WAYNE, Penn., Jan. 9, 2017 /PRNewswire/ -- Egalet
Corporation (Nasdaq: EGLT) ("Egalet"), a fully integrated specialty
pharmaceutical company focused on developing, manufacturing and
commercializing innovative treatments for pain and other
conditions, today announced that the U.S. Food and Drug
Administration (FDA) has approved ARYMO™ ER (morphine sulfate)
extended-release (ER) tablets C-II for the management of pain
severe enough to require daily, around-the-clock, long-term opioid
treatment and for which alternative treatment options are
inadequate.
Experience the interactive Multimedia News Release here:
https://www.multivu.com/players/English/7999051-egalet-corp-arymo-er-fda-approval
ARYMO ER is the first approved product developed using Egalet's
proprietary Guardian™ Technology—a physical and chemical barrier
approach to abuse deterrence without the use of an opioid
antagonist—creating tablets that are difficult to manipulate for
the purpose of misuse and abuse. Results from in vitro
testing demonstrated that ARYMO ER tablets, in comparison to
non-abuse-deterrent morphine sulfate extended-release tablets, have
increased resistance to cutting, crushing, grinding or breaking
using a variety of tools.
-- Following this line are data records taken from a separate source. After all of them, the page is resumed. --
(* Let $S$ be a nonabelian finite simple group, $I$ an infinite set, and $G=S^I$ with the product topology. Then $G$ is not strongly complete, and every normal subgroup $U$ of finite index in $G$ is either open in $G$ or not of profinite type (as an abstract group).
   Context: An abstract group is of profinite type if it admits a topology making it a profinite group. A profinite group is strongly complete if every subgroup of finite index is open. *)

From mathcomp Require Import all_boot all_fingroup all_solvable.
From Stdlib Require List.
Set Implicit Arguments. Unset Strict Implicit. Unset Printing Implicit Defensive.

Definition infinite_type (I : Type) : Prop :=
  ~ exists l : list I, forall i : I, List.In i l.

Section Prod.
Variables (gT : finGroupType) (I : Type).

Definition pmul (f g : I -> gT) : I -> gT := fun i => (f i * g i)%g.
Definition pinv (f : I -> gT) : I -> gT := fun i => ((f i)^-1)%g.
Definition pone : I -> gT := fun _ => 1%g.

(* product topology on S^I, S discrete: W is open iff every point of W has
   a basic neighbourhood (agreement on a finite set of coordinates) inside W *)
Definition prod_open (W : (I -> gT) -> Prop) : Prop :=
  forall f, W f -> exists F : list I,
    forall g, (forall i, List.In i F -> g i = f i) -> W g.
(* Let $r,m\ge0$ and $k\ge1$ be integers and $n\ge0$. Then $$\lim_{q\to1}\frac{\sum_{j=0}^{2n+1}(-1)^jq^{rj^2+mj}\begin{bmatrix} 2n+1\\ j\end{bmatrix}_{q^k}}{(q;q^2)_{n+1}}=\big((2n+1)r+m\big)(k-2r)^n.$$
   Context: $(x;q)_n=\prod_{j=0}^{n-1}(1-q^jx)$. The Gaussian binomial coefficient is $\begin{bmatrix} n\\ j\end{bmatrix}_q=\frac{(q;q)_n}{(q;q)_j(q;q)_{n-j}}$ for $0\le j\le n$, a polynomial in $q$; $\begin{bmatrix} n\\ j\end{bmatrix}_{q^k}$ is this with $q$ replaced by $q^k$. The quotient is a rational function of $q$ and the limit is taken as $q\to1$. *)

From Stdlib Require Import Reals.
Open Scope R_scope.

Fixpoint qpoch (x q : R) (n : nat) : R :=
  match n with
  | O => 1
  | S n' => qpoch x q n' * (1 - q ^ n' * x)
  end.

Definition qbinom (q : R) (n j : nat) : R :=
  qpoch q q n / (qpoch q q j * qpoch q q (n - j)).

Definition thm_num (r m k n : nat) (q : R) : R :=
  sum_f_R0 (fun j => (-1) ^ j * q ^ (r * j * j + m * j) * qbinom (q ^ k) (2 * n + 1) j)
           (2 * n + 1).

Definition thm_quot (r m k n : nat) (q : R) : R :=
  thm_num r m k n q / qpoch q (q ^ 2) (n + 1).

From Stdlib Require Import Reals Lra Lia List.
From Coquelicot Require Import Coquelicot.
Open Scope R_scope.

(* Put q = e^z.  The numerator becomes the exponential polynomial S_(2n+1)(m) in z, where
   S_N(x) := sum_j (-1)^j e^((r j^2 + x j) z) [N; j]_(e^(k z)) obeys the q-Pascal recursion
   S_(N+1)(x) = S_N(x + k) - e^((r + x) z) S_N(x + 2r), and the denominator becomes
   prod_(i <= n) (1 - e^((2i+1) z)) ~ prod_(i <= n) (-(2i+1)) z^(n+1).  The Taylor coefficients of
   S_N(x) at z = 0 are its moments; by the recursion the s-th moment is a polynomial in x of degree
   at most 2s - N.  Hence for N = 2n+1 the moments of order <= n vanish, and the (n+1)-st is affine
   in x: its slope comes from S_N(x + k) - S_N(x) = e^((r+x) z) (1 - e^(k N z)) S_(N-1)(x + 2r) and
   its zero, x = -r N, from the reflection S_N(x) = (-1)^N e^((r N^2 + x N) z) S_N(-2 r N - x). *)

(* [(c, l) :: e] stands for the function [z |-> c * exp (l * z) + ...]. *)
Definition expoly := list (R * R).

Fixpoint expoly_eval (e : expoly) (z : R) : R :=
  match e with nil => 0 | (c, l) :: e' => c * exp (l * z) + expoly_eval e' z end.

Fixpoint expoly_deriv (s : nat) (e : expoly) (z : R) : R :=
  match e with nil => 0 | (c, l) :: e' => c * l ^ s * exp (l * z) + expoly_deriv s e' z end.

Fixpoint moment (s : nat) (e : expoly) : R :=
  match e with nil => 0 | (c, l) :: e' => c * l ^ s + moment s e' end.

Definition expoly_opp (e : expoly) : expoly := map (fun p => (- fst p, snd p)) e.
Definition expoly_shift (a : R) (e : expoly) : expoly := map (fun p => (fst p, snd p + a)) e.
Definition expoly_mirror (e : expoly) : expoly := map (fun p => (fst p, - snd p)) e.

Lemma expoly_eval_app e1 e2 z : expoly_eval (e1 ++ e2) z = expoly_eval e1 z + expoly_eval e2 z.
Proof. induction e1 as [|[c l] e IH]; simpl; [ring | rewrite IH; ring]. Qed.

Lemma expoly_eval_opp e z : expoly_eval (expoly_opp e) z = - expoly_eval e z.
Proof. induction e as [|[c l] e IH]; simpl in *; [ring | rewrite IH; ring]. Qed.

Lemma expoly_eval_shift a e z : expoly_eval (expoly_shift a e) z = exp (a * z) * expoly_eval e z.
Proof.
induction e as [|[c l] e IH]; simpl in *; [ring|].
rewrite IH, Rmult_plus_distr_r, exp_plus; ring.
Qed.

Lemma expoly_eval_mirror e z : expoly_eval (expoly_mirror e) z = expoly_eval e (- z).
Proof.
induction e as [|[c l] e IH]; simpl in *; [ring|].
rewrite IH; replace (- l * z) with (l * - z) by ring; ring.
Qed.

Lemma moment_app s e1 e2 : moment s (e1 ++ e2) = moment s e1 + moment s e2.
Proof. induction e1 as [|[c l] e IH]; simpl; [ring | rewrite IH; ring]. Qed.

Lemma moment_opp s e : moment s (expoly_opp e) = - moment s e.
Proof. induction e as [|[c l] e IH]; simpl in *; [ring | rewrite IH; ring]. Qed.

Lemma moment_mirror s e : moment s (expoly_mirror e) = (-1) ^ s * moment s e.
Proof.
induction e as [|[c l] e IH]; simpl in *; [ring|].
rewrite IH; replace (- l) with (-1 * l) by ring; rewrite Rpow_mult_distr; ring.
Qed.

Lemma moment_shift s a e :
  moment s (expoly_shift a e) = sum_f_R0 (fun u => Binomial.C s u * a ^ u * moment (s - u) e) s.
Proof.
induction e as [|[c l] e IH]; simpl in *.
- symmetry; apply sum_eq_R0; intros; ring.
- rewrite IH, (Rplus_comm l a), binomial, scal_sum, <- plus_sum.
  apply sum_eq; intros; ring.
Qed.

Lemma is_derive_expoly_deriv s e z : is_derive (expoly_deriv s e) z (expoly_deriv (S s) e z).
Proof.
induction e as [|[c l] e IH]; simpl.
- apply (is_derive_const (0 : R)).
- apply (is_derive_plus (fun t => c * l ^ s * exp (l * t)) (expoly_deriv s e)); [|exact IH].
  auto_derive; [exact I | ring].
Qed.

Lemma Derive_n_expoly_eval s e z : Derive_n (expoly_eval e) s z = expoly_deriv s e z.
Proof.
revert z; induction s as [|s IH]; intros z; simpl.
- induction e as [|[c l] e IH]; simpl; [ring | rewrite IH; ring].
- rewrite (Derive_ext _ _ _ IH); apply is_derive_unique, is_derive_expoly_deriv.
Qed.

Lemma ex_derive_n_expoly_eval s e z : ex_derive_n (expoly_eval e) s z.
Proof.
destruct s as [|s]; simpl; [exact I|].
apply ex_derive_ext with (expoly_deriv s e); [intros; symmetry; apply Derive_n_expoly_eval|].
eexists; apply is_derive_expoly_deriv.
Qed.

Lemma expoly_deriv_0 s e : expoly_deriv s e 0 = moment s e.
Proof. induction e as [|[c l] e IH]; simpl; [ring | rewrite IH, Rmult_0_r, exp_0; ring]. Qed.

(* The moments are the Taylor coefficients at 0, so they depend only on the function. *)
Lemma moment_eq_of_eval_eq s e e' :
  (forall z, expoly_eval e z = expoly_eval e' z) -> moment s e = moment s e'.
Proof.
intros H; rewrite <- !expoly_deriv_0, <- !Derive_n_expoly_eval.
apply Derive_n_ext; exact H.
Qed.

Lemma C_n_1 n : Binomial.C (S n) 1 = INR (S n).
Proof. rewrite (pascal_step3 (S n) 0), C_n_0, Nat.sub_0_r by lia. simpl INR at 2. field. Qed.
Due to its physical and chemical
properties, ARYMO ER is expected to make abuse by injection
difficult.
"Given the need for treatments for the millions of Americans
living with chronic pain, the growing problem of prescription abuse
and the fact that we know diversion is a huge problem, it is
important that we have more abuse-deterrent treatment options, like
ARYMO ER, if and when these pain treatments end up in the wrong
hands," said Nathaniel Katz, M.D.,
neurologist and pain specialist as well as founder and president of
Analgesic Solutions.
ARYMO ER has been approved in three dosage strengths: 15 mg, 30
mg and 60 mg. The U.S. commercial launch, utilizing Egalet's
established commercial infrastructure, is planned for the first
quarter 2017.
"With the majority of ER opioids in easy to abuse forms, it is
important that healthcare professionals have additional treatment
options like ARYMO ER that are resistant to different methods of
manipulation using a variety of tools," said Bob Radie, president and chief executive officer
of Egalet. "ARYMO ER has physical and chemical properties expected
to make abuse by injection difficult which is important given it is
the most common non-oral route of morphine abuse and the most
dangerous. With our commercial organization in place, we are ready
to launch ARYMO ER in the first quarter of 2017."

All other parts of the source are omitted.